Get to Know Everything About the Short Term Finance Option

Get to Know Everything About the Short Term Finance Option

The short term finance is usually needed for less than a year mostly, and in most of the cases, it has been found that the short-term finance is sought whenever there the flow of cash is not regulated or when there have to be some seasonal investments made in the business for its enhancement.

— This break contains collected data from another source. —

(* Let $S \subset \mathbb{Z}$ be a finite set, $n \ge 0$, $P \in \mathcal{P}_{2n}(S)$, $u \ge 0$ an integer, and let $R$ be a polynomial of degree at most $u$ with complex coefficients, $R \not\equiv 0$. Suppose $\mathrm{NC}(PR) \le \nu$. Let $v := \lfloor 16u\log\log(u+3)\rfloor$, $k := d_v$, and $H(z) := z^k - 1$. Then $$\mathrm{NC}(PH) \le (\nu+1)\big(k + |S|^{u+1} + 3(u+1) + 2\big),$$ where $|S|$ is the number of elements of $S$.
   Context: For $S \subset \mathbb{C}$ and $N\ge0$, $\mathcal{P}_N(S)$ denotes the set of polynomials $P(z)=\sum_{j=0}^N a_j z^j$ with every $a_j \in S$. For a polynomial $F(z)=\sum_j c_j z^j$, $\mathrm{NC}(F)$ is the number of indices $j$ with $c_j\ne0$. $d_v := \mathrm{LCM}(1,2,\dots,v)$ for $v\ge1$, and $d_0 := 1$. *)

From Stdlib Require Import Reals ZArith.
From HB Require Import structures.
From mathcomp Require Import all_boot all_order all_algebra.
Set Implicit Arguments. Unset Strict Implicit. Unset Printing Implicit Defensive.
Import Order.TTheory GRing.Theory Num.Theory.
Local Open Scope ring_scope.

Definition NC (C : nzRingType) (F : {poly C}) : nat :=
  count (fun c : C => c != 0) (polyseq F).

Definition poly_of_coefs (C : nzRingType) (N : nat) (a : nat -> int) : {poly C} :=
  \poly_(j < N.+1) ((a j)%:~R : C).

Definition coefs_in (S : seq int) (N : nat) (a : nat -> int) : Prop :=
  forall j : nat, (j <= N)%N -> a j \in S.

Definition vpar (u : nat) : nat :=
  Z.to_nat (Int_part (Rmult (Rmult (IZR (Zpos 16%positive)) (INR u)) (ln (ln (Rplus (INR u) (IZR (Zpos 3%positive))))))).

Definition dlcm (v : nat) : nat := \big[lcmn/1%N]_(1 <= i < v.+1) i.

(* Write P for the polynomial with coefficients x_0, ..., x_N in S, and G for R
   stripped of its factor X^t, so that d := deg G <= u and G(0) != 0.  Off the
   indices of the nonzero coefficients of P * R, the sequence x satisfies the
   linear recurrence with characteristic coefficients G.  On a run of length
   |S|^d + k + d two windows of length d coincide by pigeonhole, so the
   recurrence makes x periodic there.  Extend this to a periodic sequence and
   pass to rational recurrence coefficients: if its discrete Fourier transform
   does not vanish at a root of unity z, then z^-1 is a root of a nonzero
   rational polynomial of degree <= d, so the order m of z has totient m <= d
   and hence divides k = d_v, as v >= 2u.  Thus x_(l - k) = x_l, i.e. the
   coefficient of z^l in P (z^k - 1) vanishes, unless l lies within
   |S|^d + k + d of 0 or of a nonzero coefficient of P * R. *)

From Stdlib Require Import Reals ZArith Lra Lia.

Section VparBound.
Local Open Scope R_scope.

Lemma exp_le_inv_1_sub (y : R) : 0 < y < 1 -> exp y <= 1 / (1 - y).
Proof.
intros [y0 y1].
assert (Hprod : exp y * exp (- y) = 1) by (rewrite <- exp_plus, Rplus_opp_r; apply exp_0).
pose proof (exp_ineq1_le (- y)); pose proof (exp_pos y).
apply Rmult_le_reg_r with (1 - y); [lra|].
unfold Rdiv; rewrite Rmult_1_l, Rinv_l by lra.
nra.
Qed.

Lemma ln_le (a b : R) : 0 < a -> a <= b -> ln a <= ln b.
Proof.
intros a0 [ab|ab]; [left; apply ln_increasing; assumption | subst; apply Rle_refl].
Qed.

Lemma ln_ln_ge (x : R) : 4 <= x -> 1 / 8 <= ln (ln x).
Proof.
(* exp (1/8) <= 8/7 and exp (8/7) <= 4 <= x. *)
intros Hx.
assert (E7 : exp (1 / 7) <= 7 / 6) by (eapply Rle_trans; [apply exp_le_inv_1_sub|]; lra).
assert (E8 : exp (8 / 7) <= 4).
{ replace (8 / 7) with (1 + 1 / 7) by lra; rewrite exp_plus.
  pose proof exp_le_3; pose proof (exp_pos 1); pose proof (exp_pos (1 / 7)); nra. }
assert (E1 : exp (1 / 8) <= 8 / 7) by (eapply Rle_trans; [apply exp_le_inv_1_sub|]; lra).
assert (Hln : 8 / 7 <= ln x).
{ rewrite <- (ln_exp (8 / 7)); apply ln_le; [apply exp_pos | lra]. }
rewrite <- (ln_exp (1 / 8)); apply ln_le; [apply exp_pos | lra].
Qed.

Lemma vpar_ge (u : nat) : (1 <= u)%nat -> (2 * u <= vpar u)%nat.
Proof.
intros Hu; unfold vpar.
set (X := IZR 16 * INR u * ln (ln (INR u + IZR 3))).
assert (HX : INR (2 * u) <= X).
{ unfold X; rewrite mult_INR.
  assert (H1 : 1 <= INR u) by (apply (le_INR 1); lia).
  pose proof (ln_ln_ge (INR u + IZR 3) ltac:(simpl; lra)).
  simpl; nra. }
destruct (base_Int_part X) as [B1 B2].
assert (Hlt : IZR (Z.of_nat (2 * u)) < IZR (Int_part X + 1))
  by (rewrite plus_IZR, <- INR_IZR_INZ; lra).
apply lt_IZR in Hlt; lia.
Qed.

If one prefers the short term finance over the long-term one, then there has to be some reason behind it. The first difference between both the schemes is the period of the finance. Moreover, the short-term finance helps to support the capital for a certain period but in the case of the long-term finance, the amount is used as the capital itself.

Repayment Options

There can be many repayment options for the borrower to pay back the loan and they are:

The EMI

EMI stands for the equated monthly instalments. With this option, the interest and the principle borrowed by the financial institution is calculated all together, and then the amount is paid by the borrower monthly as distributed over the period that is financed. This is preferred the most by the people who prefer the short-term finance.  Following are the types of EMIs that can be preferred according to the convenience:

The Step-Up EMI Plan

This is the plan with which the EMI increases every month, and the quicker the loan is paid off the economical the whole financing becomes for the borrower. This can be the most appropriate choice for the business who can assure their success after taking the short term finance and thereby they can pay off as quickly as possible.

The Step-Down EMI Plan

At the beginning of taking the loan the person has paid the larger part of the loan, and instalments are reduced every month. Thus this is an example of the best repayment plan that can be made as this is profitable.

Accelerated EMI

This option allows the business persons to have flexibility while paying which means if they have greater amount with them then they can pay them off and accelerate the instalment payment. Thus, this can be the best option for the people who are not sure of their financial stability.

Normal EMI

The regular payment that has to be done per month or over a fixed period. The principal amount and the interest is calculated, and after that, it is divided into parts which have to be paid for the fixed period.

Bullet Payments

The interest of the loan has to be paid every month, and the actual loan is paid after the completion of the tenure for which the loan was sanctioned. This plan is preferred by almost all the business person at the beginning of the business when they are unable to pay the whole amount.

Invoice-Based Payments

The best method of the repayment of the short term finance where the borrower can loan the amount against the invoices. The interest is paid monthly as in the case of the bullet payments and the main principle amount is paid after the maturation of the term.

Short term finance is thus taken for a short period as the name suggests and they are most preferable in the case of the ones new to the world of business. They come with various advantages, but the basis of the scheme is that the repayment has to be done in a very short period and mostly before a year. This is better for the businesses where the seasonal investments have to be boosted or the business setups have to be enhanced.